While the focus is on Mortensen, this shouldn’t overshadow the performances of some of the rest of the young cast, and I would specifically call out those of George MacKay and young Shree Crooks as the youngest of the kids. MacKay has been building up an impressive run of UK-based films with “Sunshine on Leith” and “Pride” but with this (and his key role in the recent TV mini-series “11.22.63”) he should see a break-through to more mainstream feature roles. In “Captain Fantastic” his socially-inept proposal to the delectable Claire (Erin Moriaty) is one of the high-points of the film. He is a name to watch, for sure.
And young Ms Crooks should be given a special honorary Oscar for the ability to learn such dense portions of script and deliver them so faultlessly!
The whole cast in fact was nominated for the Screen Actors Guild Award for Outstanding Performance by a Cast in a Motion Picture – one of my favourite award categories, but beaten by “Hidden Figures”. And it is that sort of film: a really great ensemble effort.

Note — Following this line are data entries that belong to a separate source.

(* Let $\Delta$ be a complete unimodular fan in $N_\mathbb R$, $\Sigma$ a tropical cycle in $N_\mathbb R$ compatible with $\Delta$, and $\tau\in\Delta$. Then $\rho(\overline\Sigma\cap O(\tau))=\overline{\rho(\Sigma)}\cap O(\tau)$ as tropical cycles in $O(\tau)$.
   Context: $N_\mathbb R(\Delta)=\bigsqcup_{\tau\in\Delta}O(\tau)$, $O(\tau)=N_\mathbb R/\mathbb R\tau$, closures taken in $N_\mathbb R(\Delta)$; for $\Sigma$ compatible with $\Delta$ (for each polyhedron $P$ of $\Sigma$ and $\sigma\in\Delta$, either $\sigma\subseteq\rho(P)$ or $\mathrm{relint}(\sigma)\cap\rho(P)=\emptyset$, $\rho$ = recession cone), $\overline\Sigma\cap O(\tau)=\bigcup_{\tau\subseteq\rho(\sigma)}\pi_\tau(\sigma)$ is a tropical cycle with the weights of the corresponding faces of $\Sigma$. The recession fan $\rho(\Sigma)$ of a tropical cycle $\Sigma$ (with a polyhedral structure such that each $\rho(\sigma)$ is a cone of a fan) is the fan of the cones $\rho(\sigma)$, where a maximal cone $\tau'$ gets weight $m(\tau')=\sum_{\sigma\in\Sigma,\rho(\sigma)=\tau'}m(\sigma)$; this is a balanced fan. *)

From mathcomp Require Import all_boot all_order all_algebra.
From mathcomp Require Import boolp classical_sets reals.

Set Implicit Arguments.
Unset Strict Implicit.
Unset Printing Implicit Defensive.

Import Order.TTheory GRing.Theory Num.Theory.
Local Open Scope ring_scope.
Local Open Scope classical_set_scope.

Section TropicalDefs.
Variable R : realType.

(* N_R = R^n as row vectors, N = Z^n the integral points. *)
Definition isint (x : R) := exists z : int, x = z%:~R.
Definition intv n (v : 'rV[R]_n) := forall i, isint (v 0 i).
Definition dotv n (u v : 'rV[R]_n) : R := \sum_i u 0 i * v 0 i.

Definition polyhedron n (P : set 'rV[R]_n) :=
  exists k (A : 'M[R]_(k, n)) (b : 'rV[R]_k),
    (forall i j, isint (A i j)) /\
    P = [set x | forall i, dotv (row i A) x <= b 0 i].

Definition polycone n (P : set 'rV[R]_n) :=
  exists k (A : 'M[R]_(k, n)),
    (forall i j, isint (A i j)) /\
    P = [set x | forall i, dotv (row i A) x <= 0].

Definition face n (F P : set 'rV[R]_n) :=
  F !=set0 /\
  exists (a : 'rV[R]_n) (b : R),
    (forall x, P x -> dotv a x <= b) /\ F = P `&` [set x | dotv a x = b].

Definition lspan n (S : set 'rV[R]_n) : set 'rV[R]_n :=
  [set v | exists k (c : 'I_k -> R) (x : 'I_k -> 'rV[R]_n),
             (forall i, S (x i)) /\ v = \sum_i c i *: x i].
Definition Lsp n (P : set 'rV[R]_n) := lspan [set x - y | x in P & y in P].

(* pdim P d : the polyhedron P has dimension d (dim of L_P is d) *)
Definition pdim n (P : set 'rV[R]_n) (d : nat) :=
  (exists X : 'M[R]_(d, n), (forall i, Lsp P (row i X)) /\ row_free X) /\
  (forall X : 'M[R]_(d.+1, n), (forall i, Lsp P (row i X)) -> ~~ row_free X).

(* relative interior (algebraic form, for convex sets in finite dimension) *)
Definition relint n (P : set 'rV[R]_n) : set 'rV[R]_n :=
  [set x | P x /\ forall v, Lsp P v -> exists2 e : R, 0 < e & P (x + e *: v)].

Definition rec_cone n (P : set 'rV[R]_n) : set 'rV[R]_n :=
  [set v | forall x, P x -> forall t : R, 0 <= t -> P (x + t *: v)].

Definition polycomplex n k (C : 'I_k -> set 'rV[R]_n) :=
  injective C /\
  (forall i, polyhedron (C i) /\ C i !=set0) /\
  (forall i F, face F (C i) -> exists j, C j = F) /\
  (forall i j, C i `&` C j !=set0 ->
     face (C i `&` C j) (C i) /\ face (C i `&` C j) (C j)).

Definition pure n k (C : 'I_k -> set 'rV[R]_n) (d : nat) :=
  forall i, exists j, C i `<=` C j /\ pdim (C j) d.

(* v is a lattice representative of the primitive normal vector u_{sigma/tau} *)
Definition primitive_normal n (tau sigma : set 'rV[R]_n) (v : 'rV[R]_n) :=
  intv v /\ Lsp sigma v /\
  (exists x, tau x /\ exists2 e : R, 0 < e & sigma (x + e *: v)) /\
  (forall w, intv w -> Lsp sigma w -> exists c : int, Lsp tau (w - v *~ c)).

Definition balanced n k (C : 'I_k -> set 'rV[R]_n) (m : 'I_k -> int) (d : nat) :=
  (0 < d)%N ->
  forall t, pdim (C t) d.-1 ->
  exists v : 'I_k -> 'rV[R]_n,
    (forall s, (pdim (C s) d /\ C t `<=` C s) -> primitive_normal (C t) (C s) (v s)) /\
    (forall s, ~ (pdim (C s) d /\ C t `<=` C s) -> v s = 0) /\
    Lsp (C t) (\sum_s v s *~ m s).

Definition tropical_cycle n k (d : nat) (C : 'I_k -> set 'rV[R]_n) (m : 'I_k -> int) :=
  polycomplex C /\ pure C d /\ (forall i, pdim (C i) d -> m i != 0) /\ balanced C m d.

Definition unimodular_cone n (P : set 'rV[R]_n) :=
  exists (B : 'M[R]_n) (S : pred 'I_n),
    (forall i j, isint (B i j)) /\ (\det B = 1 \/ \det B = -1) /\
    P = [set x | exists c : 'I_n -> R, (forall i, 0 <= c i) /\
                   (forall i, ~~ S i -> c i = 0) /\ x = \sum_i c i *: row i B].

Definition fan n l (D : 'I_l -> set 'rV[R]_n) :=
  polycomplex D /\ forall i, polycone (D i).
Definition complete_fan n l (D : 'I_l -> set 'rV[R]_n) :=
  fan D /\ forall x, exists i, D i x.
Definition unimodular_fan n l (D : 'I_l -> set 'rV[R]_n) :=
  fan D /\ forall i, unimodular_cone (D i).

Definition compatible n k l (C : 'I_k -> set 'rV[R]_n) (D : 'I_l -> set 'rV[R]_n) :=
  forall i j, D j `<=` rec_cone (C i) \/ relint (D j) `&` rec_cone (C i) = set0.

(* O(tau) = N_R / R tau with lattice N / (N cap R tau), presented as R^p via
   the linear map x |-> x *m M *)
Definition quotient_presentation n p (tau : set 'rV[R]_n) (M : 'M[R]_(n, p)) :=
  (forall i j, isint (M i j)) /\
  (forall x, x *m M = 0 <-> Lsp tau x) /\
  (forall y, intv y -> exists x, intv x /\ x *m M = y).

Definition proj n p (M : 'M[R]_(n, p)) (P : set 'rV[R]_n) : set 'rV[R]_p :=
  [set x *m M | x in P].

(* closure in N_R(Delta) intersected with O(tau): cells pi_tau(sigma) for
   tau in rho(sigma), with the weight of sigma (other cells get weight 0) *)
Definition orbit_cells n p k (M : 'M[R]_(n, p)) (C : 'I_k -> set 'rV[R]_n) :=
  fun i => proj M (C i).
Definition orbit_weights n k (tau : set 'rV[R]_n) (C : 'I_k -> set 'rV[R]_n)
  (w : 'I_k -> int) : 'I_k -> int :=
  fun i => if `[< tau `<=` rec_cone (C i) >] then w i else 0.

(* recession fan of a cycle of dimension e: cones rho(sigma); a maximal cone
   gets the sum of the weights of the e-cells sigma with rho(sigma) = cone *)
Definition recfan_cells n k (C : 'I_k -> set 'rV[R]_n) := fun i => rec_cone (C i).
Definition recfan_weights n k (e : nat) (C : 'I_k -> set 'rV[R]_n)
  (w : 'I_k -> int) : 'I_k -> int :=
  fun i => if `[< pdim (C i) e >] then w i else 0.

Definition wfun n k (Q : 'I_k -> set 'rV[R]_n) (w : 'I_k -> int) (e : nat)
  (y : 'rV[R]_n) : int :=
  \sum_(i < k) (if `[< pdim (Q i) e /\ Q i y >] then w i else 0).

(* equality of e-dimensional tropical cycles (i.e. up to refinement):
   the weight functions agree outside finitely many polyhedra of dim < e *)
Definition cycle_eq n (e : nat) k1 (Q1 : 'I_k1 -> set 'rV[R]_n) (w1 : 'I_k1 -> int)
  k2 (Q2 : 'I_k2 -> set 'rV[R]_n) (w2 : 'I_k2 -> int) :=
  exists q (Z : 'I_q -> set 'rV[R]_n),
    (forall j, polyhedron (Z j) /\ exists e', pdim (Z j) e' /\ (e' < e)%N) /\
    (forall y, (forall j, ~ Z j y) -> wfun Q1 w1 e y = wfun Q2 w2 e y).

End TropicalDefs.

The film is written and directed by Matt Ross, only his second feature since 2012’s “28 Hotel Rooms” (which I was not aware of, but would now like to seek out). I thought it was terrific; deeply comedic; riveting from beginning to end; a roller-coaster of emotion and ultimately a feelgood classic on the value of family that I will remember fondly for a long time. Once again, the second film this week, that would have made me reconsider my “top films of 2016” list. I strongly recommend that you seek this out on download or DVD and give it a try.